The idea is to post three true things you've read recently that are from fiction:
1.
"They were a family of Anglophiles. Pointed in the wrong direction, trapped outside their own history, and unable to retrace their steps because their footprints had been swept away."
– Arundhati Roy, The God of Small Things, p. 52.
2.
"Our dreams have been doctored. We belong nowhere. We sail unanchored on troubled seas. We may never be allowed ashore. Our sorrows will never be sad enough. Our joys never happy enough. Our dreams never big enough. Our lives never important enough. To matter."
– Arundhati Roy, The God of Small Things, p. 53.
3.
Outside the playground, in the open park, with the hill rising up in front of him and the sky beyond it, he felt like walking forwards for a long time with his eyes closed, leaving everyone behind, in order, for a bit, to have no thoughts. For years, before his children were born, he seemed to have forfeited Sundays altogether. Now the poses, the attitude, the addictions and, worst of all, the sense of unlimited time, had been replaced by a kind of exhausting chaos and a struggle, in his mind, to work out what he should be doing, and who he had to be to satisfy others.
– Hanif Kureishi, from his short story 'Hullabaloo in the Tree'.

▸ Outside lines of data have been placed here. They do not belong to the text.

(* Let $P=R\cup B$ where $R$ is a set of $n$ red points and $B$ a set of $n$ blue points, all distinct and on the line $y=0$, and let $p_1<p_2<\dots<p_{2n}$ be the points of $P$ sorted by $x$-coordinate. Let $2m$ be the smallest positive integer such that $\{p_1,\dots,p_{2m}\}$ contains equally many red and blue points (so $P_1=\{p_1,\dots,p_{2m}\}$ is the first color-balanced prefix). Then $p_1$ and $p_{2m}$ have different colors, and every minimum-weight non-crossing bichromatic perfect matching of $P$ contains the edge $\{p_1,p_{2m}\}$. *)

From HB Require Import structures.
From mathcomp Require Import all_boot all_order all_algebra.
Set Implicit Arguments. Unset Strict Implicit. Unset Printing Implicit Defensive.
Import Order.TTheory GRing.Theory Num.Theory.
Local Open Scope ring_scope.

(* Points of P are indexed by 'I_N in increasing order of x-coordinate:
   index i (0-based) is the point p_{i+1}.  The set of red indices is [red];
   the others are blue. *)

Definition perfect_matching (N : nat) (f : 'I_N -> 'I_N) : Prop :=
  forall i, f (f i) = i /\ f i != i.

Definition bichromatic (N : nat) (red : {set 'I_N}) (f : 'I_N -> 'I_N) : Prop :=
  forall i, (i \in red) != (f i \in red).

Definition noncrossing (N : nat) (f : 'I_N -> 'I_N) : Prop :=
  forall i j : 'I_N, ~ [/\ (i < j)%N, (j < f i)%N & (f i < f j)%N].

Definition mweight (R : realFieldType) (N : nat) (x : 'I_N -> R)
  (f : 'I_N -> 'I_N) : R :=
  \sum_(i : 'I_N | (i < f i)%N) `|x (f i) - x i|.

Definition admissible (N : nat) (red : {set 'I_N}) (f : 'I_N -> 'I_N) : Prop :=
  [/\ perfect_matching f, bichromatic red f & noncrossing f].

Definition min_weight_matching (R : realFieldType) (N : nat) (x : 'I_N -> R)
  (red : {set 'I_N}) (f : 'I_N -> 'I_N) : Prop :=
  admissible red f /\
  forall g, admissible red g -> mweight x f <= mweight x g.

Definition balanced_prefix (N : nat) (red : {set 'I_N}) (k : nat) : bool :=
  #|[set i : 'I_N | (i < k)%N & i \in red]| ==
  #|[set i : 'I_N | (i < k)%N & i \notin red]|.

From HB Require Import structures.
From mathcomp Require Import all_boot all_order all_algebra perm.
From mathcomp Require Import zify lra.
Import Order.TTheory GRing.Theory Num.Theory.
Set Implicit Arguments. Unset Strict Implicit. Unset Printing Implicit Defensive.
Local Open Scope ring_scope.

(* Let D k be the number of red minus blue points among p_1, ..., p_k.  D
   moves by +-1, vanishes at 0 and at 2m and nowhere in between, so D 1 and
   D (2m-1) have the same sign, which forces p_1 and p_2m to have different
   colours.

   In a bichromatic matching the edges with both ends in a prefix are
   balanced, so a balanced prefix has as many red as blue points matched
   outside it.  If a minimum matching f had an edge leaving the balanced prefix
   {p_1, ..., p_2m}, pick leaving points a1 < a2 of different colours with no
   leaving point between them.  Non-crossing makes their edges nested, and
   replacing {a1, f a1}, {a2, f a2} by {a1, a2}, {f a2, f a1} keeps the
   matching admissible while shortening it.  Hence the prefix is closed under
   f.  Finally the edge at p_1 encloses a prefix closed under f, hence
   balanced, and minimality of 2m pins f p_1 = p_2m. *)

Lemma int_unit_steps_ivt (D : nat -> int) (a b : nat) :
  (a <= b)%N -> (forall t, (a <= t < b)%N -> `|D t.+1 - D t| <= 1) ->
  D a <= 0 -> 0 <= D b -> exists2 t, (a <= t <= b)%N & D t = 0.
Proof.
move=> le_ab; rewrite -(subnKC le_ab); elim: (b - a)%N => [|k IH] step Da Db.
  by exists a; rewrite ?addn0 ?leqnn //; apply/eqP; rewrite eq_le Da -(addn0 a).
have [Dk_ge0|Dk_lt0] := lerP 0 (D (a + k)%N).
  have step' t : (a <= t < a + k)%N -> `|D t.+1 - D t| <= 1.
    by move=> /andP[ta tk]; apply: step; lia.
  by have [t /andP[ta tk] Dt] := IH step' Da Dk_ge0; exists t; rewrite ?ta //=; lia.
exists (a + k.+1)%N; first by rewrite leq_addr leqnn.
move: Db; have := step (a + k)%N.
by rewrite leq_addr addnS ltnSn ler_norml => /(_ isT); lia.
Qed.

Section Prefixes.

Variable N : nat.
Implicit Types (A : {set 'I_N}) (k : nat).

Definition prefix k : {set 'I_N} := [set i : 'I_N | (i < k)%N].

Lemma balanced_prefixE A k :
  balanced_prefix A k = (#|prefix k :&: A| == #|prefix k :&: ~: A|).
Proof. by rewrite /balanced_prefix; congr (_ == _); apply: eq_card => i; rewrite !inE. Qed.

Lemma balanced_prefixC A k : balanced_prefix (~: A) k = balanced_prefix A k.
Proof. by rewrite !balanced_prefixE setCK eq_sym. Qed.

Lemma card_prefixS A (i : 'I_N) :
  #|prefix i.+1 :&: A| = (#|prefix i :&: A| + (i \in A))%N.
Proof.
have prefixS : prefix i.+1 = i |: prefix i.
  by apply/setP => j; rewrite !inE ltnS leq_eqVlt val_eqE.
rewrite prefixS setIUl; case: (boolP (i \in A)) => iA.
  by rewrite (setIidPl _) ?sub1set // cardsU1 !inE ltnn addn1.
rewrite (_ : [set i] :&: A = set0) ?set0U ?addn0 //.
by apply/setP => j; rewrite !inE; case: eqP => // ->; apply: negbTE.
Qed.

Definition discrepancy A k : int := #|prefix k :&: A|%:Z - #|prefix k :&: ~: A|%:Z.

Lemma balanced_prefix_discrepancy A k :
  balanced_prefix A k = (discrepancy A k == 0).
Proof. by rewrite balanced_prefixE /discrepancy subr_eq0 eqz_nat. Qed.

Lemma discrepancy0 A : discrepancy A 0 = 0.
Proof.
by rewrite /discrepancy (_ : prefix 0 = set0) ?set0I ?cards0 //; apply/setP => i.
Qed.

Lemma discrepancyS A (i : 'I_N) :
  discrepancy A i.+1 = discrepancy A i + (if i \in A then 1 else -1).
Proof. rewrite /discrepancy !card_prefixS inE; case: (i \in A) => /=; lia. Qed.

Lemma discrepancy_step A t : `|discrepancy A t.+1 - discrepancy A t| <= 1.
Proof.
have [ltN|geN] := ltnP t N.
  by rewrite -[t]/(val (Ordinal ltN)) discrepancyS addrC addKr; case: ifP.
rewrite /discrepancy (_ : prefix t.+1 = prefix t) ?subrr ?normr0 //.
apply/setP => i; have lt_it := leq_trans (ltn_ord i) geN.
by rewrite !inE lt_it ltnS ltnW.
Qed.

Lemma first_balanced_prefix_end_colors A m (p1 p2m : 'I_N) :
  (0 < m)%N -> balanced_prefix A m.*2 ->
  (forall k, (0 < k)%N -> (k < m.*2)%N -> ~~ balanced_prefix A k) ->
  val p1 = 0%N -> val p2m = m.*2.-1 -> (p1 \in A) != (p2m \in A).
Proof.
move=> m_gt0 bal unbal p1_0 p2m_E.
wlog p1A : A bal unbal / p1 \in A => [sym|].
  case/orP: (orbN (p1 \in A)) => [p1A|p1nA]; first exact: sym bal unbal p1A.
  have := @sym (~: A); rewrite !inE (inj_eq negb_inj) balanced_prefixC.
  by apply=> // k k_gt0 lt_k; rewrite balanced_prefixC unbal.
rewrite p1A; apply/negP => /eqP/esym p2mA.
have D1 : discrepancy A 1 = 1.
  by have := discrepancyS A p1; rewrite p1_0 discrepancy0 p1A add0r.
have D2m1 : discrepancy A m.*2.-1 = -1.
  have := discrepancyS A p2m; rewrite p2m_E prednK ?double_gt0 // p2mA.
  by move: bal; rewrite balanced_prefix_discrepancy => /eqP ->; lia.
have [|t|||t /andP[t_ge1 t_le] /eqP] :=
  @int_unit_steps_ivt (fun t => - discrepancy A t) 1 m.*2.-1.
- lia.
- by move=> _; rewrite opprK addrC distrC discrepancy_step.
- by rewrite D1.
- by rewrite D2m1.
by rewrite oppr_eq0 -balanced_prefix_discrepancy; apply/negP/unbal; lia.
Qed.

End Prefixes.

Lemma adjacent_color_change N (L red : {set 'I_N}) (r b : 'I_N) :
  r \in L -> b \in L -> r \in red -> b \notin red ->
  exists a1 a2 : 'I_N, [/\ a1 \in L, a2 \in L, (a1 < a2)%N,
    (a1 \in red) != (a2 \in red) & forall s : 'I_N, (a1 < s < a2)%N -> s \notin L].
Proof.
move=> rL bL r_red b_blue.
pose P (p : 'I_N * 'I_N) :=
  [&& p.1 \in L, p.2 \in L, (p.1 < p.2)%N & (p.1 \in red) != (p.2 \in red)].
have P0 : P (if (r < b)%N then (r, b) else (b, r)).
  have r_neq_b : (r : nat) != b by apply: contraNneq b_blue => /val_inj <-.
  by rewrite /P; case: ltngtP r_neq_b => // lt_rb _ /=;
    rewrite rL bL lt_rb r_red (negbTE b_blue).
case: (arg_minnP (fun p : 'I_N * 'I_N => (p.2 - p.1)%N) P0).
move=> [a1 a2] /and4P[a1L a2L lt_a1a2 colors].
move=> /= closest; exists a1, a2; split => // s /andP[lt1s lts2]; apply/negP => sL.
case: (eqVneq (s \in red) (a1 \in red)) => [same|diff].
  have := closest (s, a2); rewrite /P sL a2L lts2 same colors => /(_ isT) /=.
  by rewrite leqNgt ltn_sub2l // (ltn_trans lt1s).
have := closest (a1, s); rewrite /P sL a1L lt1s eq_sym diff => /(_ isT) /=.
by rewrite leqNgt ltn_sub2r // (ltn_trans lt1s).
Qed.

Section Matchings.

Variables (N : nat) (red : {set 'I_N}) (f : 'I_N -> 'I_N).
Hypothesis f_inv : involutive f.

Lemma noncrossing_inside : noncrossing f ->
  forall u v : 'I_N, (u < v < f u)%N -> (u < f v < f u)%N.
Proof.
move=> nc u v /andP[lt_uv lt_vfu].
have fv_neq_u : (f v : nat) != u.
  by apply: contraTneq lt_vfu => /val_inj <-; rewrite f_inv ltnn.
have fv_neq_fu : (f v : nat) != f u.
  by apply: contraTneq lt_uv => /val_inj/(can_inj f_inv) ->; rewrite ltnn.
apply/andP; split.
  rewrite ltn_neqAle eq_sym fv_neq_u leqNgt; apply/negP => lt_fvu.
  by apply: (nc (f v) u); rewrite f_inv.
rewrite ltn_neqAle fv_neq_fu leqNgt; apply/negP => lt_fufv.
exact: (nc u v).
Qed.

Lemma noncrossing_first_edge_closed : noncrossing f ->
  forall p i : 'I_N, (p : nat) = 0%N -> (i <= f p)%N -> (f i <= f p)%N.
Proof.
move=> nc p i p_0; rewrite leq_eqVlt => /orP[/eqP/val_inj ->|lt_ifp].
  by rewrite f_inv p_0.
have [/val_inj ->|i_neq_p] := eqVneq (i : nat) p; first exact: leqnn.
have /andP[_ /ltnW //] : (p < f i < f p)%N.
by apply: noncrossing_inside => //; rewrite lt_ifp andbT ltn_neqAle eq_sym i_neq_p p_0.
Qed.

Hypothesis f_bichrom : bichromatic red f.

Lemma bichromatic_mem i : (f i \in red) = (i \notin red).
Proof. by move: (f_bichrom i); case: (i \in red); case: (f i \in red). Qed.

Definition inner k := prefix N k :&: f @^-1: prefix N k.
Definition leaving k := prefix N k :\: f @^-1: prefix N k.

Lemma card_prefix_inner_leaving (A : {set 'I_N}) k :
  #|prefix N k :&: A| = (#|inner k :&: A| + #|leaving k :&: A|)%N.
Proof.
rewrite -(cardsID (f @^-1: prefix N k)) setIAC; congr (_ + _)%N.
by apply: eq_card => i; rewrite !inE andbA.
Qed.

Lemma card_inner_colors k : #|inner k :&: red| = #|inner k :&: ~: red|.
Proof.
rewrite -[RHS](card_preimset _ (can_inj f_inv)); apply: eq_card => i.
by rewrite !inE f_inv bichromatic_mem negbK [(f i < k)%N && _]andbC.
Qed.

Lemma balanced_prefix_leaving k :
  balanced_prefix red k = (#|leaving k :&: red| == #|leaving k :&: ~: red|).
Proof.
by rewrite balanced_prefixE !card_prefix_inner_leaving card_inner_colors eqn_add2l.
Qed.

Lemma closed_prefix_balanced k :
  (forall i : 'I_N, (i < k)%N -> (f i < k)%N) -> balanced_prefix red k.
Proof.
move=> closed; rewrite balanced_prefix_leaving (_ : leaving k = set0) ?set0I //.
by apply/setP => i; rewrite !inE; case: (ltnP i k) => [/closed ->|]; rewrite ?andbF.
Qed.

As you can tell, I've recently re-read The God of Small Things some 10 years after I first read it. And I have enjoyed more about it now. I downloaded Kureishi's story off his website some time back and found it as I sorted through my desk this morning, and remembered how struck I was by it. So it pipped the Rushdie excerpt I originally thought to include. I've raved about Kureishi's story before. I actually found it hard to limit this meme to three true things, so I'll probably revisit this theme sometime.I'm tagging Matthew Smith from Smithology (because I'm curious what truths he may find in the sci-fi he blogs about) and Mike Lynch from Nannygoat Hill.